To motivate the use of ts2ts relationships for browsing documents, Figure 2 provides an example that compares them to d2w relationships. The example is in an educational domain on Adelson-Velsky and Landis’ (AVL) trees, a subject taught in Computer Science curricula. The example corresponds to manual transcripts from video lectures. In Figure (a)a, the target word is “BST” (Binary Search Tree). From this example it is possible to understand why d2w relationships are not helpful when specific information in a document needs to be found. In there are multiple occurrences of the word “BST”, indicating that it is used in different topics of the lecture. The problem is that from the word we can only reach a document, which gives no indication of the context where it was used. Even if the word is highlighted, such as in the example, we still would not know which of the occurrences is the appropriate one. This contrasts with the ts2ts relationship in Figure (b)b, where it is possible to easily find in both documents where the topic of binary search trees is covered. Since the relationship is established at the topic segment level on both ends, users can immediately analyze the corresponding text, since it is topically self-contained.

(a) Subfigure 1 list of figures text
(b) Subfigure 2 list of figures text
Figure 2: Cross-document relationships in the AVL domain.

The research area in which this work is framed is graph-community detection [6, 7]. We propose the use of these methods to explore a co-occurrence graph structure, which models how words relate in different documents. The goal is to use the discovered word communities to perform cross-document relationship identification. We hypothesize that approaches based on text similarity, such as clustering, cannot cope with this task, since a substantial part of the vocabulary is shared in related documents. In this context, one of the challenges consists of studying ways to use the discovered words communities to identify cross-document topic segment equivalence relationships.

Our main contributions are:

  • Create an annotated corpus for studying topic segment relationships.

  • Formalize a graph-community detection technique to automatically discover topic segment relationships.

  • Evaluate the task of topic segment relationship identification with techniques from different research areas.

2 Related Work

Different approaches to document relationship identification can be found in the literature. As previously mentioned, what characterizes them is the level of granularity at the which the relationships are established (words, sentences, topic segments, or documents). Based on these levels of granularity, this section summarizes the research done in this area.
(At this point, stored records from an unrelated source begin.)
(* Let $m\ge 1$ and let $s$ be a spline of degree $m$ with knots $\alpha_0<\alpha_1<\dots<\alpha_n$. Then there exists a compactly supported spline $\bar s$ of degree $m$ such that $\bar s$ coincides with $s$ on $[\alpha_0,\alpha_n]$ and the set of knots of $\bar s$ is contained in $$\{\alpha_0-m,\alpha_0-m+1,\dots,\alpha_0-1\}\cup\{\alpha_0,\alpha_1,\dots,\alpha_n\}\cup\{\alpha_n+1,\dots,\alpha_n+m\}.$$
   Context: A spline of degree $m$ (with finitely many knots) is a function $s\in C^{m-1}(\mathbb{R},\mathbb{R})$ for which there are finitely many points such that on each interval between consecutive such points, and on the two unbounded complementary intervals, $s$ coincides with a polynomial of degree at most $m$. The knots of $s$ are the points at which $s$ is not $C^\infty$. *)

From Stdlib Require Import Reals List.
From Coquelicot Require Import Coquelicot.
Open Scope R_scope.

Definition Ck (k : nat) (f : R -> R) : Prop :=
  forall j : nat, (j <= k)%nat -> forall x : R,
    ex_derive_n f j x /\ continuous (Derive_n f j) x.

Definition is_poly_le (m : nat) (p : R -> R) : Prop :=
  exists c : nat -> R, forall x : R, p x = sum_f_R0 (fun i => c i * x ^ i) m.

Definition spline (m : nat) (s : R -> R) : Prop :=
  Ck (m - 1) s /\
  exists pts : list R,
    forall a b : Rbar, Rbar_lt a b ->
      (forall t, In t pts -> ~ (Rbar_lt a t /\ Rbar_lt t b)) ->
      exists p : R -> R, is_poly_le m p /\
        forall x : R, Rbar_lt a x -> Rbar_lt x b -> s x = p x.

Definition smooth_at (f : R -> R) (x : R) : Prop :=
  exists eps : R, 0 < eps /\
    forall (j : nat) (y : R), Rabs (y - x) < eps -> ex_derive_n f j y.

Definition knot (f : R -> R) (x : R) : Prop := ~ smooth_at f x.

Definition compactly_supported (f : R -> R) : Prop :=
  exists M : R, forall x : R, M < Rabs x -> f x = 0.

(* Cut the spline off to the right of alpha_n: beyond alpha_n continue it by its
   polynomial piece p just right of alpha_n, minus a combination of the truncated
   powers (x - alpha_n - j)_+^m, j = 0..m, whose coefficients (a Vandermonde
   system) make it reproduce p. That combination is C^(m-1), vanishes left of
   alpha_n and equals p right of alpha_n + m, so the cut spline agrees with s up
   to alpha_n, vanishes from alpha_n + m on, and acquires only the knots
   alpha_n + 1, ..., alpha_n + m. Cutting off left of alpha_0 is the mirror image
   under x |-> -x. *)

From Stdlib Require Import Reals List Lia Lra Classical FunctionalExtensionality.
From Coquelicot Require Import Coquelicot.
Open Scope R_scope.

Lemma locally_lt (x t : R) : x < t -> locally x (fun y => y < t).
Proof. intros Hx. now apply open_lt. Qed.

Lemma locally_gt (x t : R) : t < x -> locally x (fun y => t < y).
Proof. intros Hx. now apply open_gt. Qed.

Lemma locally_comp_opp (x : R) (P : R -> Prop) :
  locally (- x) P -> locally x (fun y => P (- y)).
Proof.
  apply (continuous_opp (fun y : R => y) x (continuous_id x)).
Qed.

(** * Functions of class C^k and smoothness *)

Lemma Ck_ex_derive_n k f j x : Ck k f -> (j <= k)%nat -> ex_derive_n f j x.
Proof. intros H Hj. apply (H j Hj x). Qed.

Lemma Ck_plus k f g : Ck k f -> Ck k g -> Ck k (fun x => f x + g x).
Proof.
  intros Hf Hg j Hj x.
  assert (Ef : forall y i, (i <= j)%nat -> ex_derive_n f i y)
    by (intros y i Hi; apply (Ck_ex_derive_n k); auto; lia).
  assert (Eg : forall y i, (i <= j)%nat -> ex_derive_n g i y)
    by (intros y i Hi; apply (Ck_ex_derive_n k); auto; lia).
  split.
  - apply ex_derive_n_plus; apply filter_forall; auto.
  - apply continuous_ext with (fun y => Derive_n f j y + Derive_n g j y).
    + intros y. symmetry. apply Derive_n_plus; apply filter_forall; auto.
    + apply (continuous_plus (Derive_n f j) (Derive_n g j)); [apply Hf | apply Hg]; lia.
Qed.

Lemma Ck_scal k a f : Ck k f -> Ck k (fun x => a * f x).
Proof.
  intros Hf j Hj x. split.
  - apply ex_derive_n_scal_l, Hf, Hj.
  - apply continuous_ext with (fun y => a * Derive_n f j y).
    + intros y. symmetry. apply Derive_n_scal_l.
    + apply (continuous_mult (fun _ => a) (Derive_n f j)).
      * apply continuous_const.
      * apply Hf, Hj.
Qed.

Lemma Ck_comp_opp k f : Ck k f -> Ck k (fun x => f (- x)).
Proof.
  intros Hf j Hj x.
  assert (Ef : forall y i, (i <= j)%nat -> ex_derive_n f i y)
    by (intros y i Hi; apply (Ck_ex_derive_n k); auto; lia).
  split.
  - apply ex_derive_n_comp_opp, filter_forall; auto.
  - apply continuous_ext with (fun y => (-1) ^ j * Derive_n f j (- y)).
    + intros y. symmetry. apply Derive_n_comp_opp, filter_forall; auto.
    + apply (continuous_mult (fun _ => (-1) ^ j) (fun y => Derive_n f j (- y))).
      * apply continuous_const.
      * apply (continuous_comp Ropp (Derive_n f j)).
        -- apply (continuous_opp (fun y : R => y)), continuous_id.
        -- apply Hf, Hj.
Qed.

Lemma Ck_locally k f :
  (forall x, exists g, Ck k g /\ locally x (fun y => g y = f y)) -> Ck k f.
Proof.
  intros H j Hj x. destruct (H x) as [g [Hg Hfg]]. split.
  - apply ex_derive_n_ext_loc with g; [exact Hfg | apply Hg, Hj].
  - apply continuous_ext_loc with (Derive_n g j).
    + apply (filter_imp _ _ (fun y Hy => Derive_n_ext_loc g f j y Hy)).
      apply locally_locally, Hfg.
    + apply Hg, Hj.
Qed.

Lemma Ck_of_ex_derive_n k f : (forall j x, ex_derive_n f j x) -> Ck k f.
Proof.
  intros H j _ x. split; [apply H |].
  apply (@ex_derive_continuous R_AbsRing R_NormedModule), (H (S j)).
Qed.

Lemma smooth_at_locally f x :
  smooth_at f x <-> locally x (fun y => forall j, ex_derive_n f j y).
Proof.
  split.
  - intros [e [He H]]. exists (mkposreal e He). intros y Hy j. now apply H.
  - intros [e H]. exists e. split; [apply cond_pos |]. intros j y Hy. now apply H.
Qed.

Lemma smooth_at_ext_loc f g x :
  locally x (fun y => g y = f y) -> smooth_at g x -> smooth_at f x.
Proof.
  rewrite !smooth_at_locally. intros Hfg Hg.
  apply (filter_imp (fun y => locally y (fun z => g z = f z) /\ forall j, ex_derive_n g j y)).
  - intros y [Hy Hgy] j. now apply ex_derive_n_ext_loc with g.
  - apply filter_and; [apply locally_locally |]; assumption.
Qed.

Lemma smooth_at_of_ex_derive_n f x : (forall j y, ex_derive_n f j y) -> smooth_at f x.
Proof. intros H. apply smooth_at_locally, filter_forall. intros y j. apply H. Qed.

Lemma smooth_at_plus f g x :
  smooth_at f x -> smooth_at g x -> smooth_at (fun y => f y + g y) x.
Proof.
  rewrite !smooth_at_locally. intros Hf Hg.
  apply (filter_imp (fun y => locally y (fun z => forall j, ex_derive_n f j z) /\
                              locally y (fun z => forall j, ex_derive_n g j z))).
  - intros y [Hfy Hgy] j.
    apply ex_derive_n_plus; [apply (filter_imp _ _ (fun z H k _ => H k) Hfy)
                            | apply (filter_imp _ _ (fun z H k _ => H k) Hgy)].
  - apply filter_and; apply locally_locally; assumption.
Qed.

Lemma smooth_at_scal a f x : smooth_at f x -> smooth_at (fun y => a * f y) x.
Proof.
  rewrite !smooth_at_locally. apply filter_imp. intros y H j.
  now apply ex_derive_n_scal_l.
Qed.

Lemma smooth_at_minus f g x :
  smooth_at f x -> smooth_at g x -> smooth_at (fun y => f y - g y) x.
Proof.
  intros Hf Hg. apply smooth_at_ext_loc with (fun y => f y + (-1) * g y).
  - apply filter_forall. intros y. ring.
  - now apply smooth_at_plus, smooth_at_scal.
Qed.

Lemma smooth_at_sum (F : nat -> R -> R) N x :
  (forall j, (j <= N)%nat -> smooth_at (F j) x) ->
  smooth_at (fun y => sum_f_R0 (fun j => F j y) N) x.
Proof.
  induction N as [|N IH]; intros H.
  - apply H. lia.
  - apply smooth_at_plus; [apply IH; intros j Hj |]; apply H; lia.
Qed.

Lemma smooth_at_comp_opp f x : smooth_at f (- x) -> smooth_at (fun y => f (- y)) x.
Proof.
  rewrite !smooth_at_locally. intros H.
  apply (filter_imp _ _ (fun y Hy j => ex_derive_n_comp_opp f j y
           (filter_imp _ _ (fun z Hz k _ => Hz k) Hy))).
  apply (locally_comp_opp x (fun z => locally z (fun w => forall j, ex_derive_n f j w))).
  now apply locally_locally.
Qed.

(** * Polynomials and splines *)

Lemma is_poly_le_const0 m : is_poly_le m (fun _ => 0).
Proof.
  exists (fun _ => 0). intros x. rewrite (sum_eq _ (fun _ => 0)), sum_cte; [ring | intros; ring].
Qed.

Lemma is_poly_le_plus m p q :
  is_poly_le m p -> is_poly_le m q -> is_poly_le m (fun x => p x + q x).
Proof.
  intros [c Hc] [d Hd]. exists (fun i => c i + d i). intros x.
  rewrite Hc, Hd, <- plus_sum. apply sum_eq. intros; ring.
Qed.

Lemma is_poly_le_scal m a p : is_poly_le m p -> is_poly_le m (fun x => a * p x).
Proof.
  intros [c Hc]. exists (fun i => a * c i). intros x.
  rewrite Hc, scal_sum. apply sum_eq. intros; ring.
Qed.

Lemma is_poly_le_shifted_pow m t : is_poly_le m (fun x => (x - t) ^ m).
Proof.
  exists (fun i => Binomial.C m i * (- t) ^ (m - i)). intros x.
  unfold Rminus. rewrite binomial. apply sum_eq. intros; ring.
Qed.

Lemma is_poly_le_comp_opp m p : is_poly_le m p -> is_poly_le m (fun x => p (- x)).
Proof.
  intros [c Hc]. exists (fun i => c i * (-1) ^ i). intros x. rewrite Hc.
  apply sum_eq. intros i _. replace (- x) with ((-1) * x) by ring.
  rewrite Rpow_mult_distr. ring.
Qed.

Lemma ex_derive_n_poly m p j x : is_poly_le m p -> ex_derive_n p j x.
Proof.
  intros [c Hc]. apply ex_derive_n_ext with (fun y => sum_f_R0 (fun i => c i * y ^ i) m).
  { intros y. now rewrite Hc. }
  clear Hc. revert j x. induction m as [|m IH]; intros j x.
  - apply ex_derive_n_scal_l, ex_derive_n_pow.
  - apply ex_derive_n_plus; apply filter_forall; intros y k _.
    + apply IH.
    + apply ex_derive_n_scal_l, ex_derive_n_pow.
Qed.
Lemma smooth_at_poly m p x : is_poly_le m p -> smooth_at p x.
Proof. intros Hp. apply smooth_at_of_ex_derive_n. intros j y. now apply (ex_derive_n_poly m). Qed.

Definition piecewise_poly (m : nat) (pts : list R) (f : R -> R) : Prop :=
  forall a b : Rbar, Rbar_lt a b ->
    (forall t, In t pts -> ~ (Rbar_lt a t /\ Rbar_lt t b)) ->
    exists p : R -> R, is_poly_le m p /\
      forall x : R, Rbar_lt a x -> Rbar_lt x b -> f x = p x.

Lemma Rbar_interval_side (a b : Rbar) (t : R) :
  ~ (Rbar_lt a t /\ Rbar_lt t b) ->
  (forall x : R, Rbar_lt x b -> x < t) \/ (forall x : R, Rbar_lt a x -> t < x).
Proof.
  intros H. destruct (classic (Rbar_lt a t)) as [Hat | Hat].
  - left. intros x Hx.
    assert (Hbt : Rbar_le b t) by (apply Rbar_not_lt_le; tauto).
    exact (Rbar_lt_le_trans x b t Hx Hbt).
  - right. intros x Hx. apply Rbar_not_lt_le in Hat.
    exact (Rbar_le_lt_trans t a x Hat Hx).
Qed.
The Wikify! system [8] identifies relationships between keywords in a document and Wikipedia articles (d2w relationships). The difficulty in this task is the ambiguity of the extracted keyword. For example, if the keyword “bar” is extracted from a document about music, then it is necessary to relate it to an article with the same context. To address this problem a classification approach was used.

The identification of d2d relationships has been performed in different scenarios. For example, the work described in [5] finds d2d relationships with the goal of structuring lectures from Massive Open Online Courses into a graph. The motivation is that the way of searching in MOOC platforms is to enter a query and examine the retrieved list of courses. The problem is that a single course might not have all the information. To address this issue, prerequisite and equivalence relationships are established between lectures.

Another example where d2d relationships are established is described in [4]. In this work the problem of structuring a set of related news articles is addressed. The goal is to highlight how different documents contribute to the main overall topic. The structuring of the documents is based on the metro map metaphor. A metro map of documents consists of a set of lines, which can intersect each other. Each individual line follows a coherent narrative thread, covering a specific aspect of the main topic being analyzed. In turn, each metro line is composed of a set of metro stops. These metro stops correspond to clusters of words. Associated to each metro stop are the corresponding documents that originated them. The line intersections of their lines show that different aspects of a topic have some sort of relation. The generation of metro maps is based on the bigclam graph-community detection algorithm [7], which analyses a word co-occurrence graph in order to identify word communities.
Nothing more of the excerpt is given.